The Long Memory

Interlude: The Discourse

r/cscareerquestions
Is it even worth finishing my CS degree anymore? (2,847 upvotes)

I'm a junior at a state school, and I'm genuinely asking. Last week my professor showed us an AI agent that wrote, debugged, and deployed a full CRUD app in under an hour. The same assignment took me three days.

I'm not saying the AI was better than me. It made mistakes. But it made mistakes at 1000x my speed and fixed them just as fast.

My parents spent their savings on this degree. What am I supposed to tell them?

Top Comments:
SeniorDevThrowaway (1.2k): I've been in the industry 18 years. Every few years there's a "this will replace programmers" panic. First it was outsourcing, then it was no-code, now it's AI. The tools change, the panic stays the same. Learn to use the tools. That's always the answer.
actually_worried_though (847): I keep seeing this take and I want to believe it but... the tools have never been THIS good? Like, there's a difference between "calculator replaces mental math" and "calculator does your whole job while you watch"
SeniorDevThrowaway (623): Replying to @actually_worried_though: The AI still needs someone to tell it what to build. Requirements gathering, system design, understanding the business problem — that's not going anywhere.
cs_doomer_2025 (398): dropped out last semester. no regrets. learning to be an electrician. AI can't rewire your house. yet.
The AI Investment Paradox: Record Spending, Unclear Returns

Eighteen months after the release of advanced reasoning models, the artificial intelligence industry finds itself in an unusual position: simultaneously overfunded and underperforming.
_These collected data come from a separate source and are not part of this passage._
(* Let Assumptions 1 (with $\delta\in(0,1]$) and 2 hold. For $A\ge1$ define $\alpha=2L\{1-\Phi(A\sqrt{2\log L})\}+2A_0(1+A\sqrt{2\log L})^{1+\delta}/(L^{A^2-1}d_{n,\delta}^{2+\delta})$, set $r=A\sqrt{2\log(L)/n}$, and assume $L\le\exp(d_{n,\delta}^2/(2A^2))$. Let $\widehat\beta$ be any solution of $$\min\Big\{|{\bf D_X}^{-1}\beta|_1:\ \beta\in\mathbb R^K,\ \Big|\frac1n{\bf D_Z}{\bf Z}^T({\bf Y}-{\bf X}\beta)\Big|_\infty\le\sigma_*r\Big\},$$ where $\sigma_*$ is the constant of Assumption 2. Then with probability at least $1-\alpha-\gamma_1$, $$\big|{\bf D_X}^{-1}(\widehat\beta-\beta^* )\big|_p\le\frac{2\sigma_*r}{\kappa_{p,J(\beta^* )}}\quad\forall p\in[1,\infty],\qquad |\widehat\beta_k-\beta^*_k|\le\frac{2\sigma_*r}{x_{k*}\kappa^*_{k,J(\beta^* )}}\quad\forall k=1,\dots,K,$$ where the sensitivities are those defined with the cone $C_J$ taken with $c=0$, i.e. $C_J=\{\Delta:|\Delta_{J^c}|_1\le|\Delta_J|_1\}$.
   Context: Setting: integers $n,K,L$ with $L\ge K$, $k_{\rm end}\in\{0,\dots,K\}$; observations $(y_i,x_i,z_i)$, $i=1,\dots,n$, with $y_i=x_i^T\beta^*+u_i$, $x_i\in\mathbb R^K$, $z_i\in\mathbb R^L$, the $(y_i,x_i,z_i,u_i)$ mutually independent; the exogenous regressors are their own instruments: $z_{li}=x_{(k_{\rm end}+l)i}$ for $l\le K-k_{\rm end}$. ${\bf Y},{\bf X},{\bf Z}$ data matrices; $x_{k*}=\max_i|x_{ki}|$, $z_{l*}=\max_i|z_{li}|$ (positive); ${\bf D_X}={\rm diag}(x_{k*}^{-1})$, ${\bf D_Z}={\rm diag}(z_{l*}^{-1})$; $\Psi_n=\frac1n{\bf D_Z}{\bf Z}^T{\bf X}{\bf D_X}$; $\mathbb E_n[U^2]=\frac1n\sum u_i^2$. $J(\beta)$ support; $\Delta_J$ zeroes coordinates outside $J$. Sensitivities: $\kappa_{p,J}=\inf\{|\Psi_n\Delta|_\infty:\Delta\in C_J,|\Delta|_p=1\}$, $\kappa^*_{k,J}=\inf\{|\Psi_n\Delta|_\infty:\Delta\in C_J,\Delta_k=1\}$. Assumption 1: for all $i,l$, $\mathbb E|z_{li}u_i|^{2+\delta}<\infty$, $\mathbb E[z_{li}u_i]=0$, $z_{li}u_i$ not a.s. zero; $d_{n,\delta}=\min_l\sqrt{\sum_i\mathbb E z_{li}^2u_i^2}/(\sum_i\mathbb E|z_{li}u_i|^{2+\delta})^{1/(2+\delta)}$. Assumption 2: there are $\sigma_*>0$, $\gamma_1\in(0,1)$ with $\mathbb P(\mathbb E_n[U^2]\le\sigma_*^2)\ge1-\gamma_1$. $\Phi$ is the standard normal cdf and $A_0$ the absolute constant of the Jing–Shao–Wang self-normalized moderate deviation bound: for independent mean-zero $X_i$ with $0<\mathbb E|X_i|^{2+\delta}<\infty$, $|\mathbb P(S_n/V_n\ge x)-(1-\Phi(x))|\le A_0(1+x)^{1+\delta}e^{-x^2/2}/d^{2+\delta}$ for $0\le x\le d$, with $S_n=\sum X_i$, $V_n^2=\sum X_i^2$, $d=(\sum\mathbb EX_i^2)^{1/2}/(\sum\mathbb E|X_i|^{2+\delta})^{1/(2+\delta)}$. *)

From HB Require Import structures.
From mathcomp Require Import all_boot all_order all_algebra.
From mathcomp Require Import all_classical all_reals all_analysis.
Set Implicit Arguments. Unset Strict Implicit. Unset Printing Implicit Defensive.
Import Order.TTheory GRing.Theory Num.Theory.
Local Open Scope classical_set_scope.
Local Open Scope ring_scope.

(* l_p norm, p in [1, +oo] (p is an extended real; -oo is never used) *)
Definition lpnorm (R : realType) (K : nat) (p : \bar R) (v : 'I_K -> R) : R :=
  match p with
  | EFin q => powR (\sum_(k < K) powR `|v k| q) q^-1
  | +oo%E => \big[Num.max/0]_(k < K) `|v k|
  | -oo%E => 0
  end.

Definition l1norm (R : realType) (K : nat) (v : 'I_K -> R) : R :=
  \sum_(k < K) `|v k|.

Definition linfnorm (R : realType) (L : nat) (v : 'I_L -> R) : R :=
  \big[Num.max/0]_(l < L) `|v l|.

Definition supp (R : realType) (K : nat) (b : 'I_K -> R) : set 'I_K :=
  [set k | b k != 0].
Global investment in AI infrastructure reached $340 billion in 2025, a 60% increase from the previous year. Technology giants have announced plans for data centers that will consume more electricity than some European nations. GPU manufacturers are booking orders years in advance.
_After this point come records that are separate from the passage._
(* Let $N$ be a finitary plain structural conflict net, and let $\approx$ be any equivalence relation on Petri nets such that $N_1 \approx^\Delta_{bSTb} N_2$ implies $N_1\approx N_2$, and $N_1\approx N_2$ implies $N_1\approx_{\mathscr F} N_2$. Then $N$ is distributable up to $\approx$ (i.e. there exists a distributed Petri net $D$ with $D\approx N$) if and only if $N$ has no fully reachable pure $\mathsf{M}$.
   Context: Fix a set $\mathrm{Act}$ of visible actions and an invisible action $\tau\notin\mathrm{Act}$. A (labelled) Petri net is a tuple $N=(S,T,F,M_0,\ell)$ with $S$ (places) and $T$ (transitions) disjoint sets, $F:(S\times T)\cup(T\times S)\to\mathbb N$ (flow relation with arc weights), $M_0\in\mathbb N^S$ (initial marking) and $\ell:T\to\mathrm{Act}\cup\{\tau\}$. A marking is a multiset $M\in\mathbb N^S$. For $x\in S\cup T$ the multisets ${}^\bullet x$, $x^\bullet$ are given by ${}^\bullet x(y)=F(y,x)$, $x^\bullet(y)=F(x,y)$, extended additively to finite multisets of transitions. For multisets, $A\le B$ is pointwise, $A\cap B$ is pointwise minimum and $A\cup B$ pointwise maximum. For a finite nonempty multiset $G$ of transitions, $M[G\rangle M'$ iff ${}^\bullet G\le M$ and $M'=M-{}^\bullet G+G^\bullet$; $M[t\rangle M'$ abbreviates $M[\{t\}\rangle M'$. The set $[M_0\rangle$ of reachable markings is the smallest set containing $M_0$ and closed under such steps. Transitions $t,u$ are concurrent, $t\smile u$, iff $M[\{t\}+\{u\}\rangle$ for some reachable $M$. $N$ is a structural conflict net iff $t\smile u$ implies ${}^\bullet t\cap{}^\bullet u=\emptyset$. $N$ is plain iff $\ell$ is injective and $\ell(t)\neq\tau$ for all $t$. $N$ is finitary iff ${}^\bullet t\neq\emptyset$ for all $t\in T$ and every reachable marking is finite and enables only finitely many transitions. $N$ has a fully reachable pure $\mathsf M$ iff there are $t,u,v\in T$ with ${}^\bullet t\cap{}^\bullet u\neq\emptyset$, ${}^\bullet u\cap{}^\bullet v\neq\emptyset$, ${}^\bullet t\cap{}^\bullet v=\emptyset$ and a reachable marking $M$ with ${}^\bullet t\cup{}^\bullet u\cup{}^\bullet v\le M$. $N$ is distributed iff there is a function $D$ from $S\cup T$ to some set of locations such that (1) for all $s\in S,t\in T$, if $s\in{}^\bullet t$ then $D(t)=D(s)$; and (2) for all $t,u\in T$, $t\smile u$ implies $D(t)\neq D(u)$. Step failures equivalence: write $M\xrightarrow{\alpha}M'$ ($\alpha\in\mathrm{Act}\cup\{\tau\}$) iff $M[t\rangle M'$ for some $t$ with $\ell(t)=\alpha$; $\Rightarrow$ is the reflexive transitive closure of $\xrightarrow{\tau}$; $M\overset{a_1\cdots a_n}{\Longrightarrow}M'$ iff $M\Rightarrow\xrightarrow{a_1}\Rightarrow\cdots\xrightarrow{a_n}\Rightarrow M'$. For a step $A$ (a finite nonempty multiset over $\mathrm{Act}$), $M\xrightarrow{A}$ iff $M[G\rangle$ for some finite multiset $G$ of transitions with no $\tau$-labelled element whose multiset of labels is $A$. A pair $(\sigma,X)$ with $\sigma\in\mathrm{Act}^*$ and $X$ a finite set of steps is a step failure pair of $N$ iff there is $M$ with $M_0\overset{\sigma}{\Longrightarrow}M$, $M\not\xrightarrow{\tau}$ and $M\not\xrightarrow{A}$ for all $A\in X$. $N_1\approx_{\mathscr F}N_2$ iff they have the same step failure pairs. Branching ST-bisimilarity with explicit divergence: An LTS is $(\mathfrak S,\mathfrak T,\mathfrak M_0)$ with $\mathfrak T\subseteq\mathfrak S\times(\mathfrak A\cup\{\tau\})\times\mathfrak S$; $\Rightarrow$ is the reflexive transitive closure of $\xrightarrow{\tau}$, and $\mathfrak M\xrightarrow{(\alpha)}\mathfrak M'$ means $\mathfrak M\xrightarrow{\alpha}\mathfrak M'$ or ($\alpha=\tau$ and $\mathfrak M=\mathfrak M'$). A branching bisimulation with explicit divergence between LTSs is a relation $\mathcal B\subseteq\mathfrak S_1\times\mathfrak S_2$ with: (1) $\mathfrak M_{0,1}\mathcal B\mathfrak M_{0,2}$; (2) if $\mathfrak M_1\mathcal B\mathfrak M_2$ and $\mathfrak M_1\xrightarrow{\alpha}\mathfrak M_1'$ then there are $\mathfrak M_2^\dagger,\mathfrak M_2'$ with $\mathfrak M_2\Rightarrow\mathfrak M_2^\dagger\xrightarrow{(\alpha)}\mathfrak M_2'$, $\mathfrak M_1\mathcal B\mathfrak M_2^\dagger$, $\mathfrak M_1'\mathcal B\mathfrak M_2'$; (3) symmetrically; (4) if $\mathfrak M_1\mathcal B\mathfrak M_2$ and there is an infinite sequence $\mathfrak M_1=\mathfrak M_1^0\xrightarrow{\tau}\mathfrak M_1^1\xrightarrow{\tau}\cdots$ with $\mathfrak M_1^k\mathcal B\mathfrak M_2$ for all $k$, then there is an infinite sequence $\mathfrak M_2=\mathfrak M_2^0\xrightarrow{\tau}\mathfrak M_2^1\xrightarrow{\tau}\cdots$ with $\mathfrak M_1^k\mathcal B\mathfrak M_2^l$ for all $k,l$; (5) symmetrically. The ST-LTS of a net has as states ST-markings $(M,U)\in\mathbb N^S\times T^*$, initial state $(M_0,\varepsilon)$, labels $a^+$ and $a^{-n}$ ($a\in\mathrm{Act}$, $n>0$) and $\tau$, with $(M,U)\xrightarrow{a^+}(M-{}^\bullet t,Ut)$ iff $\ell(t)=a$ and $M[t\rangle$; $(M,U)\xrightarrow{a^{-n}}(M+t^\bullet,U^{-n})$ iff the $n$-th element $t$ of $U$ has $\ell(t)=a$, where $U^{-n}$ is $U$ with its $n$-th element removed; $(M,U)\xrightarrow{\tau}(M',U)$ iff $M[t\rangle M'$ for some $t$ with $\ell(t)=\tau$. $N_1\approx^\Delta_{bSTb}N_2$ iff there is a branching bisimulation with explicit divergence between their ST-LTSs. *)

From Stdlib Require Import List Permutation Relations RelationClasses Arith.
Import ListNotations.

Unset Implicit Arguments.

Section Nets.
Variable Act : Type.

(* A labelled Petri net; None as a label stands for the invisible action tau.
   pre s t = F(s,t), post t s = F(t,s). *)
Record net : Type := Net {
  place : Type;
  trans : Type;
  pre : place -> trans -> nat;
  post : trans -> place -> nat;
  M0 : place -> nat;
  lab : trans -> option Act
}.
Yet corporate adoption surveys tell a different story. A recent McKinsey report found that while 78% of large enterprises have piloted AI tools, only 23% have deployed them in production workflows. Of those, fewer than half reported measurable productivity gains.

"There's a gap between what these systems can do in demos and what they can do in the real world," said Dr. Sarah Reed, an economist at Stanford studying AI adoption. "The technology is impressive. The integration is hard. And the ROI is genuinely uncertain."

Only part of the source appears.